Hi,
I have several cases where I need just the first few elements that match a condition. With transducers, I can do something like
big_array |> Filter(expensive_filter) |> Map(expensive_transformation) |> Take(5) |> collect
and it will evaluate my expensive functions the minimum number of times to get 5 passing elements. Awesome!
I’m trying to do something similar with regex. Here’s a working, non-transducer example:
function get_regex_matches(str, pattern, cache, num_matches)
j = 1
for i in 1:num_matches
m = findnext(pattern, str, j)
cache[i] = SubString(str, m.start, m.stop)
j = m.stop
end
end
I double-checked that this approach is actually faster than using eachmatch
for my use case:
function get_regex_matches_eachmatch(str, pattern, cache, num_matches)
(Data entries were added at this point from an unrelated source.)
Lemma prL_split E O L :
  prL E p L = prL (E :\: O) p (L :\: O) * prL (E :&: O) p (L :&: O).
Proof.
rewrite /prL.
have -> : (L \subset E) = (L :\: O \subset E :\: O) && (L :&: O \subset E :&: O).
  apply/idP/andP => [sLE | [sLED sLEI]]; first by rewrite setSD ?setSI.
  apply/subsetP => e eL; have [eO | eNO] := boolP (e \in O).
    by have /(subsetP sLEI)/setIP[] : e \in L :&: O by rewrite inE eL eO.
  by have /(subsetP sLED)/setDP[] : e \in L :\: O by rewrite inE eNO eL.
case: (L :\: O \subset E :\: O); case: (L :&: O \subset E :&: O);
  rewrite ?mulr0 ?mul0r //.
rewrite (big_setID O) /= mulrC; congr (_ * _); apply: eq_bigr => e.
  by case/setDP => _ eNO; rewrite inE eNO.
by case/setIP => _ eO; rewrite inE eO andbT.
Qed.

Lemma prL_setD_eq0 E O A : ~~ [disjoint A & O] -> prL (E :\: O) p A = 0.
Proof.
move=> AO; rewrite /prL ifF //; apply: contraNF AO => sA.
apply/pred0P => e /=; apply/negbTE/andP => -[eA eO].
by move/(subsetP sA): eA; rewrite inE eO.
Qed.

Lemma prL_setI_eq0 E O B : ~~ (B \subset O) -> prL (E :&: O) p B = 0.
Proof.
move=> BO; rewrite /prL ifF //; apply: contraNF BO => sB.
exact: subset_trans sB (subsetIr _ _).
Qed.

(* Edges outside E get the factors 0 (in L) and 1 (not in L), so expanding
   the product of the ones F e + G e yields exactly the prL E p L. *)
Lemma prL_sum E : \sum_L prL E p L = 1.
Proof.
pose F e := if e \in E then p e.1 e.2 else 0.
pose G e := if e \in E then 1 - p e.1 e.2 else 1.
have FG1 e : F e + G e = 1 by rewrite /F /G; case: (e \in E); rewrite ?subrKC ?add0r.
have := bigA_distr 1 +%R F G; rewrite (eq_bigr _ (fun e _ => FG1 e)) big1_eq.
move=> ->; apply: eq_big => // L _; rewrite /prL.
case: ifPn => [sLE | /subsetPn[e eL eNE]].
  rewrite big_mkcond; apply: eq_bigr => e _; rewrite /F /G.
  have [// | eNE] := boolP (e \in E).
  by rewrite (negbTE (contra (subsetP sLE e) eNE)).
by rewrite (bigD1 e) //= eL /F (negbTE eNE) mul0r.
Qed.

Lemma prL_ge0 E L :
  (forall u v, (u, v) \in E -> 0 <= p u v <= 1) -> 0 <= prL E p L.
Proof.
move=> hp; rewrite /prL; case: ifP => // _; apply: prodr_ge0 => -[u v] /hp /andP[p0 p1].
by case: ifP; rewrite ?subr_ge0.
Qed.

Lemma eq_Exp1 E f g : (forall L, f L = g L) -> Exp1 E p f = Exp1 E p g.
Proof. by move=> fg; apply: eq_bigr => L _; rewrite fg. Qed.

Lemma Exp1_cst E c : Exp1 E p (fun _ => c) = c.
Proof. by rewrite /Exp1 -big_distrl /= prL_sum mul1r. Qed.

Lemma Exp1D E f g : Exp1 E p (fun L => f L + g L) = Exp1 E p f + Exp1 E p g.
Proof. by rewrite /Exp1 -big_split; apply: eq_bigr => L _; rewrite mulrDr. Qed.

Lemma Exp1_sum E (I : finType) (P : pred I) (F : I -> edgeset n -> R) :
  Exp1 E p (fun L => \sum_(i | P i) F i L) = \sum_(i | P i) Exp1 E p (F i).
Proof. by rewrite /Exp1 exchange_big; apply: eq_bigr => L _; rewrite mulr_sumr. Qed.

Lemma Exp1_scale E c f : Exp1 E p (fun L => c * f L) = c * Exp1 E p f.
Proof. by rewrite /Exp1 mulr_sumr; apply: eq_bigr => L _; rewrite mulrCA. Qed.

Lemma Exp1_mul_split E O f g :
  (forall L, f L = f (L :\: O)) -> (forall L, g L = g (L :&: O)) ->
  Exp1 E p (fun L => f L * g L) = Exp1 (E :\: O) p f * Exp1 (E :&: O) p g.
Proof.
move=> fO gO; rewrite /Exp1 -(@sum_mul_setD_setI _ _ O)
  => [|A /prL_setD_eq0-> | B /prL_setI_eq0->]; rewrite ?mul0r //.
by apply: eq_bigr => L _; rewrite (prL_split E O) fO gO mulrACA.
Qed.

Lemma Exp1_mul_indep E O f g :
  (forall L, f L = f (L :\: O)) -> (forall L, g L = g (L :&: O)) ->
  Exp1 E p (fun L => f L * g L) = Exp1 E p f * Exp1 E p g.
Proof.
move=> fO gO.
have fE : Exp1 E p f = Exp1 (E :\: O) p f.
  rewrite -[RHS]mulr1 -(Exp1_cst (E :&: O) 1) -(@Exp1_mul_split E O) //.
  by apply: eq_Exp1 => L; rewrite mulr1.
have gE : Exp1 E p g = Exp1 (E :&: O) p g.
  rewrite -[RHS]mul1r -(Exp1_cst (E :\: O) 1) -(@Exp1_mul_split E O) //.
  by apply: eq_Exp1 => L; rewrite mul1r.
by rewrite (@Exp1_mul_split E O) // fE gE.
Qed.

Lemma Exp2E E f : Exp2 E p f = Exp1 E p (fun L => Exp1 E p (f L)).
Proof.
by apply: eq_bigr => L _; rewrite mulr_sumr; apply: eq_bigr => Lh _; rewrite mulrA.
Qed.

Lemma Exp2D E f g :
  Exp2 E p (fun L Lh => f L Lh + g L Lh) = Exp2 E p f + Exp2 E p g.
Proof. by rewrite !Exp2E -Exp1D; apply: eq_Exp1 => L; apply: Exp1D. Qed.

Lemma Exp2_sum E (I : finType) (P : pred I) (F : I -> edgeset n -> edgeset n -> R) :
  Exp2 E p (fun L Lh => \sum_(i | P i) F i L Lh) = \sum_(i | P i) Exp2 E p (F i).
Proof.
under [RHS]eq_bigr do rewrite Exp2E.
by rewrite Exp2E -Exp1_sum; apply: eq_Exp1 => L; apply: Exp1_sum.
Qed.

Lemma Exp2_mul_indep E O a g :
  (forall Lh, a Lh = a (Lh :\: O)) -> (forall L Lh, g L Lh = g L (Lh :&: O)) ->
  Exp2 E p (fun L Lh => a Lh * g L Lh) = Exp1 E p a * Exp2 E p g.
Proof.
move=> aO gO; rewrite !Exp2E -Exp1_scale.
by apply: eq_Exp1 => L; apply: Exp1_mul_indep.
Qed.

Lemma ler_Exp2 E f g :
  (forall u v, (u, v) \in E -> 0 <= p u v <= 1) ->
  (forall L Lh, f L Lh <= g L Lh) -> Exp2 E p f <= Exp2 E p g.
Proof.
move=> hp fg; apply: ler_sum => L _; apply: ler_sum => Lh _.
by apply: ler_wpM2l; rewrite ?mulr_ge0 ?prL_ge0.
Qed.

End Expectation.

Lemma sigmaL_L2_setU_ler (R : realFieldType) n (E L Lh : edgeset n)
    (T S : {set 'I_n}) :
  (sigmaL (L2 E L Lh (T :|: S)) (T :|: S))%:R <=
  (sigmaL (L2 E L Lh S) S)%:R +
  \sum_(v in ~: S) (v \in T)%:R *
    ((sigmaL (L2 E L Lh [set v]) (v |: S))%:R - (sigmaL L S)%:R) :> R.
Proof.
pose D v := (sigmaL (L2 E L Lh [set v]) (v |: S) - sigmaL L S)%N.
have DE v : (sigmaL (L2 E L Lh [set v]) (v |: S))%:R - (sigmaL L S)%:R = (D v)%:R :> R.
  by rewrite natrB //; apply/subset_leq_card/reachS; [apply: sub_L2 | apply: subsetUr].
under eq_bigr do rewrite DE.
rewrite (big_setID T) /= [X in _ + (_ + X)]big1 => [|v /setDP[_ /negbTE->]]; last first.
  by rewrite mul0r.
rewrite addr0 setIC -setDE.
under eq_bigr => v /setDP[vT _] do rewrite vT mul1r.
by rewrite -natr_sum -natrD ler_nat sigmaL_L2_setU_le.
Qed.

Lemma xsel_mul_Delta2 (R : realFieldType) n (E : edgeset n) (p : 'I_n -> 'I_n -> R)
    (pi : policy n) (S : {set 'I_n}) (v : 'I_n) :
  xsel E p pi v * Delta2 E p S v =
  Exp2 E p (fun L Lh => (v \in dom (Psi pi Lh))%:R *
    ((sigmaL (L2 E L Lh [set v]) (v |: S))%:R - (sigmaL L S)%:R)).
Proof.
pose O := [set e : 'I_n * 'I_n | e.1 \in [set v]].
rewrite (@Exp2_mul_indep _ _ _ _ O) // => [Lh | L Lh]; last by rewrite L2_setI_out.
rewrite (@mem_dom_Psi_agree _ pi Lh (Lh :\: O)) // => u z uv.
by rewrite !inE /= (negbTE uv).
Qed.

Theorem lemma10 (R : realFieldType) (n : nat) (E : edgeset n)
  (p : 'I_n -> 'I_n -> R)
  (hp : forall u v, (u, v) \in E -> 0 <= p u v <= 1)
  (k : nat) (hk : (2 <= k <= n)%N)
  (pi : policy n) (hsize : has_size E pi k)
  (hopt : forall pi' : policy n, has_size E pi' k ->
            sigma_pol E p pi' <= sigma_pol E p pi)
  (S : {set 'I_n}) :
  Exp2 E p (fun L Lh =>
    (sigmaL (L2 E L Lh (dom (Psi pi Lh) :|: S)) (dom (Psi pi Lh) :|: S))%:R)
  <= sigma2 E p S + \sum_(v in ~: S) xsel E p pi v * Delta2 E p S v.
Proof.
apply: le_trans (ler_Exp2 hp (fun L Lh =>
  sigmaL_L2_setU_ler R E L Lh (dom (Psi pi Lh)) S)) _.
rewrite Exp2D Exp2_sum lerD2l.
by under [X in _ <= X]eq_bigr do rewrite xsel_mul_Delta2.
Qed.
for (i, m) in enumerate(eachmatch(pattern, str))
if i > num_matches
break
end
cache[i] = m.match
end
end
sample_string = "np.where(0.03376436965056531*df['rolling_zscore(sma(high_low_mean,12),90)']+ 0.05938041870616624*df['rolling_zscore(slope(slope(slope(24),24),12),90)'] - 0.05545017417059229*df['rolling_zscore(slope(slope(slope(12),12),12),90)'] + -0.02641195019844662 > 0, 1.0, "
cache = Array{String}(undef, 4)
const feature_pat = Regex(raw"\[.*?\]")
@btime get_regex_matches_eachmatch(sample_string, feature_pat, cache, 2)
1.085 μs (13 allocations: 1.11 KiB)
id = x -> x
@btime get_regex_matches(sample_string, feature_pat, cache, id, 2)
617.279 ns (5 allocations: 240 bytes)
However, this loses the benefits of the transducer approach, especially composability. Is there a way to do a transducer-like or lazy filter that goes through regex matches of a string?